Important Safety Information for ARYMO™ ER (morphine sulfate)
extended-release tablets, for oral use C-II
WARNING:
ADDICTION, ABUSE, and MISUSE; LIFE-THREATENING RESPIRATORY
DEPRESSION; ACCIDENTAL INGESTION; NEONATAL OPIOID WITHDRAWAL
SYNDROME; AND RISKS FROM CONCOMITANT USE WITH BENZODIAZEPINES OR
OTHER CNS DEPRESSANTS
|
Addiction, Abuse,
and Misuse
ARYMO™ ER exposes
patients and other users to the risks of opioid addiction, abuse,
and misuse, which can lead to overdose and death. Assess each
patient's risk prior to prescribing ARYMO ER, and monitor all
patients regularly for the development of these behaviors or
conditions
Life-Threatening
Respiratory Depression
Serious,
life-threatening, or fatal respiratory depression may occur with
use of ARYMO ER. Monitor for respiratory depression,
especially during initiation of ARYMO ER or following a dose
increase.
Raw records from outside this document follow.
(* Let $m\ge 2$ be a prime and $n\ge 1$ an integer. If $p(m,n)\neq 0$, then $n \equiv r \pmod{m^2}$ for some $r\in\{-1,0,1,\dots,m-2\}$.
   Context: For integers $m\ge 2$, $n\ge 1$, a valid $(m,n)$-sequence is a sequence $(a_1,\dots,a_{mn})$ with entries in $\{1,\dots,n\}$ in which each $k\in\{1,\dots,n\}$ occurs exactly $m$ times, and such that any two consecutive occurrences of $k$ are separated by exactly $k$ other terms; equivalently, there is an index $\theta_k$ such that $k$ occurs exactly at the positions $\theta_k,\ \theta_k+(k+1),\ \theta_k+2(k+1),\dots,\theta_k+(m-1)(k+1)$ (all in $\{1,\dots,mn\}$). Example: $3\,1\,2\,1\,3\,2$ is a valid $(2,3)$-sequence. The reversal $(a_{mn},\dots,a_1)$ of a valid sequence is again valid; $p(m,n)$ denotes the number of valid $(m,n)$-sequences counted up to reversal (i.e. the number of equivalence classes of valid $(m,n)$-sequences under identifying a sequence with its reversal). *)

From mathcomp Require Import all_boot all_order all_algebra.
Set Implicit Arguments. Unset Strict Implicit. Unset Printing Implicit Defensive.

(* A sequence (a_1,...,a_{mn}) is represented by s : seq nat with a_i = nth 0 s (i-1). *)
Definition valid_seq (m n : nat) (s : seq nat) : bool :=
  [&& size s == m * n,
      all (fun x => (1 <= x <= n)%N) s,
      [forall k : 'I_n.+1, (1 <= k)%N ==> (count_mem (k : nat) s == m)] &
      [forall k : 'I_n.+1, (1 <= k)%N ==>
         [exists th : 'I_(m * n).+1,
            (1 <= th)%N &&
            [forall j : 'I_m,
               ((th + j * k.+1 <= m * n)%N) &&
               (nth 0 s (th + j * k.+1).-1 == k)]]]].

(* Valid sequences, as tuples with entries in {0..n} (entries are forced to be in {1..n}). *)
Definition valid_tuples (m n : nat) : {set (m * n).-tuple 'I_n.+1} :=
  [set t | valid_seq m n (map (@nat_of_ord _) (tval t))].

Definition p (m n : nat) : nat :=
  #|[set [set u in valid_tuples m n |
              (map (@nat_of_ord _) (tval u) == map (@nat_of_ord _) (tval t))
           || (map (@nat_of_ord _) (tval u) == rev (map (@nat_of_ord _) (tval t)))]
     | t in valid_tuples m n]|.

From mathcomp Require Import all_boot all_order all_algebra.
Set Implicit Arguments.
Unset Strict Implicit.

(* Weight each position of a valid (m,n)-sequence by 1 if it is a multiple of
   m; the total weight is n.  The m occurrences of k sit in an arithmetic
   progression of difference k+1: if m does not divide k+1 they meet the
   multiples of m exactly once (m is prime), otherwise 0 or m times.  Hence,
   modulo m, n is the number of k <= n with m not dividing k+1, so m divides
   the number (n+1) %/ m of multiples of m in [2, n+1].  Then m^2 divides n+1 - r' with
   r' = (n+1) %% m, i.e. n = r' - 1 (mod m^2). *)

Lemma sum_dvdn_succ (m q : nat) : 0 < m -> \sum_(i < q) (m %| i.+1) = q %/ m.
Proof.
move=> m_gt0; elim: q => [|q IHq]; first by rewrite big_ord0 div0n.
by rewrite big_ord_recr /= IHq divnS // addnC.
Qed.

Lemma sum_dvdn_affine_coprime (m a b : nat) : prime m -> ~~ (m %| b) ->
  \sum_(j < m) (m %| a + j * b) = 1.
Proof.
case: m => // m pm m_b; have cop_mb : coprime m.+1 b by rewrite prime_coprime.
pose f (j : 'I_m.+1) : 'I_m.+1 := inord ((a + j * b) %% m.+1).
have fE j : f j = (a + j * b) %% m.+1 :> nat by rewrite inordK ?ltn_mod.
have f_inj : injective f.
  suff f_le (j j' : 'I_m.+1) : j <= j' -> f j = f j' -> j = j'.
    move=> j j' e; case: (leqP j j') => [|/ltnW] le; first exact: f_le.
    exact/esym/f_le.
  move=> le_jj' /(congr1 (@nat_of_ord _)); rewrite !fE => /eqP.
  rewrite eq_sym eqn_modDl eqn_mod_dvd ?leq_mul2r ?le_jj' ?orbT //.
  have lt_m : j' - j < m.+1 by rewrite (leq_ltn_trans (leq_subr _ _)).
  rewrite -mulnBl Gauss_dvdl // /dvdn modn_small // subn_eq0 => le_j'j.
  by apply/val_inj/eqP; rewrite eqn_leq le_jj' le_j'j.
pose is0 (i : 'I_m.+1) : nat := i == ord0.
transitivity (\sum_(j < m.+1) is0 (f j)).
  by apply: eq_bigr => j _; rewrite /is0 /dvdn -fE.
by rewrite -(reindex_inj f_inj (P := xpredT) (F := is0)) big_ord_recl big1.
Qed.

Lemma sum_dvdn_affine_mod (m a b : nat) : prime m ->
  \sum_(j < m) (m %| a + j * b) = ~~ (m %| b) %[mod m].
Proof.
move=> pm; have [m_b|m_b] := boolP (m %| b); last first.
  by rewrite sum_dvdn_affine_coprime.
rewrite (eq_bigr (fun _ => (m %| a) : nat)) => [|j _]; last first.
  by rewrite dvdn_addl ?dvdn_mull.
by rewrite sum_nat_const card_ord mulnC modnMl mod0n.
Qed.

Lemma count_mem_nth (T : eqType) (x0 x : T) (s : seq T) :
  count_mem x s = #|[set i : 'I_(size s) | nth x0 s i == x]|.
Proof.
rewrite -sum1_count (big_nth x0) big_mkord -sum1_card.
by apply: eq_bigl => i; rewrite inE.
Qed.

Lemma sum_nth_progression (T : eqType) (x0 x : T) (s : seq T) (m th b : nat)
    (F : nat -> nat) :
  0 < b -> 0 < th -> count_mem x s = m ->
  (forall j : 'I_m, (th + j * b <= size s) && (nth x0 s (th + j * b).-1 == x)) ->
  \sum_(i < size s | nth x0 s i == x) F i.+1 = \sum_(j < m) F (th + j * b).
Proof.
move=> b_gt0 th_gt0 count_x prog.
have pos_lt (j : 'I_m) : (th + j * b).-1 < size s.
  by case/andP: (prog j); rewrite -ltnS prednK ?ltn_addr.
pose pos (j : 'I_m) : 'I_(size s) := Ordinal (pos_lt j).
have pos_inj : injective pos.
  move=> j j' /(congr1 val) /= /(congr1 succn).
  rewrite !prednK ?ltn_addr // => /addnI /eqP; rewrite eqn_mul2r gtn_eqF //=.
  by move/eqP/val_inj.
have pos_im : pos @: setT = [set i : 'I_(size s) | nth x0 s i == x].
  have card_x : #|[set i : 'I_(size s) | nth x0 s i == x]| = m.
    by rewrite -count_x (count_mem_nth x0).
  apply/eqP; rewrite eqEcard card_imset // cardsT card_ord card_x leqnn andbT.
  apply/subsetP => _ /imsetP[j _ ->].
  by rewrite inE; case/andP: (prog j).
rewrite -big_set /= -pos_im big_imset /=; last by move=> ? ? _ _; apply: pos_inj.
by apply: eq_big => [j|j _]; rewrite ?inE ?prednK ?ltn_addr.
Qed.

Lemma sum_nth_values (s : seq nat) (n : nat) (F : nat -> nat) :
  all (fun x => 1 <= x <= n) s ->
  \sum_(k < n) \sum_(i < size s | nth 0 s i == k.+1) F i = \sum_(i < size s) F i.
Proof.
move=> /allP s_range; under eq_bigr do rewrite big_mkcond /=.
rewrite exchange_big /=; apply: eq_bigr => i _; rewrite -big_mkcond /=.
have /andP[v_gt0 v_le] := s_range _ (mem_nth 0 (ltn_ord i)).
have v_lt : (nth 0 s i).-1 < n by rewrite prednK.
apply: (big_pred1 (Ordinal v_lt)) => k /=.
by rewrite -val_eqE /= [RHS]eq_sym -[RHS](inj_eq succn_inj) prednK.
Qed.

Lemma valid_seq_dvdn (m n : nat) (s : seq nat) : prime m -> valid_seq m n s ->
  m %| n.+1 %/ m.
Proof.
move=> pm /and4P[/eqP size_s s_range /forallP counts /forallP progs].
have m_gt0 := prime_gt0 pm.
pose w (k : 'I_n) := \sum_(i < size s | nth 0 s i == k.+1) (m %| i.+1).
have sum_w : \sum_(k < n) w k = n.
  by rewrite /w (sum_nth_values (fun i => m %| i.+1)) // sum_dvdn_succ // size_s mulKn.
have w_mod k : w k = ~~ (m %| k.+2) %[mod m].
  have k_lt : k.+1 < n.+1 by rewrite ltnS.
  move: (counts (inord k.+1)) (progs (inord k.+1)); rewrite !inordK //=.
  move=> /eqP count_k /existsP[th /andP[th_gt0 /forallP prog]].
  have prog_s (j : 'I_m) :
      (th + j * k.+2 <= size s) && (nth 0 s (th + j * k.+2).-1 == k.+1).
    by rewrite size_s; apply: prog.
  rewrite /w (sum_nth_progression (fun i => m %| i) _ th_gt0 count_k prog_s) //.
  exact: sum_dvdn_affine_mod.
have multiples : \sum_(k < n) (m %| k.+2) = n.+1 %/ m.
  rewrite -sum_dvdn_succ // big_ord_recl dvdn1 gtn_eqF ?prime_gt1 //.
have split_n : n = \sum_(k < n) ~~ (m %| k.+2) + n.+1 %/ m.
  rewrite -multiples -big_split /= -{1}(card_ord n) -sum1_card.
  by apply: eq_bigr => k _; case: (m %| k.+2).
have : n = \sum_(k < n) ~~ (m %| k.+2) %[mod m].
  by rewrite -{1}sum_w -modn_summ (eq_bigr _ (fun k _ => w_mod k)) modn_summ.
rewrite {1}split_n -{2}[\sum_(k < n) _]addn0 => /eqP.
by rewrite eqn_modDl mod0n.
Qed.

Lemma p_neq0_valid (m n : nat) : p m n <> 0 -> exists s, valid_seq m n s.
Proof.
move=> p_neq0; have [t t_valid|no_valid] := pickP [in valid_tuples m n].
  by exists (map (@nat_of_ord _) (tval t)); move: t_valid; rewrite inE.
case: p_neq0; apply/eqP; rewrite cards_eq0; apply/eqP/setP => X.
by rewrite inE; apply/imsetP => -[t t_valid _]; move: (no_valid t); rewrite /= t_valid.
Qed.

Import GRing.Theory Num.Theory.
Local Open Scope ring_scope.

Theorem theorem1 (m n : nat) (hm : prime m) (hn : (1 <= n)%N) :
  p m n <> 0%N ->
  exists r : int, (-1 <= r) /\ (r <= (m%:Z - 2)) /\
    (n%:Z = r %[mod (m ^ 2)%N%:Z])%Z.
Proof.
move=> /p_neq0_valid[s /(valid_seq_dvdn hm)/dvdnP[q q_def]].
set r := (n.+1 %% m)%N.
have r_lt : (r < m)%N by rewrite ltn_pmod ?prime_gt0.
have n_def : n.+1 = (q * m ^ 2 + r)%N by rewrite {1}(divn_eq n.+1 m) q_def -mulnA.
exists (r%:Z - 1); split; [|split].
- by rewrite lerBrDr addrC subrr.
- by rewrite lerBrDr -addrA (_ : -1 + 2 = 1) // -PoszD addn1 lez_nat.
have -> : n%:Z = q%:Z * (m ^ 2)%N%:Z + (r%:Z - 1).
  by rewrite addrA -PoszM -PoszD -n_def -addn1 PoszD addrK.
by rewrite modzMDl.
Qed.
Instruct patients to swallow ARYMO ER tablets whole;
crushing, chewing, or dissolving ARYMO ER tablets can cause rapid
release and absorption of a potentially fatal dose of
morphine
Accidental
Ingestion
Accidental
ingestion of even one dose of ARYMO ER, especially by children, can
result in a fatal overdose of morphine.
Neonatal Opioid
Withdrawal Syndrome
Prolonged use of
ARYMO ER during pregnancy can result in neonatal opioid withdrawal
syndrome, which may be life-threatening if not recognized and
treated, and requires management according to protocols developed
by neonatology experts. If opioid use is required for a prolonged
period in a pregnant woman, advise the patient of the risk of
neonatal opioid withdrawal syndrome and ensure that appropriate
treatment will be available.
Risks From
Concomitant Use With Benzodiazepines Or Other CNS
Depressants
Concomitant use of
opioids with benzodiazepines or other central nervous system (CNS)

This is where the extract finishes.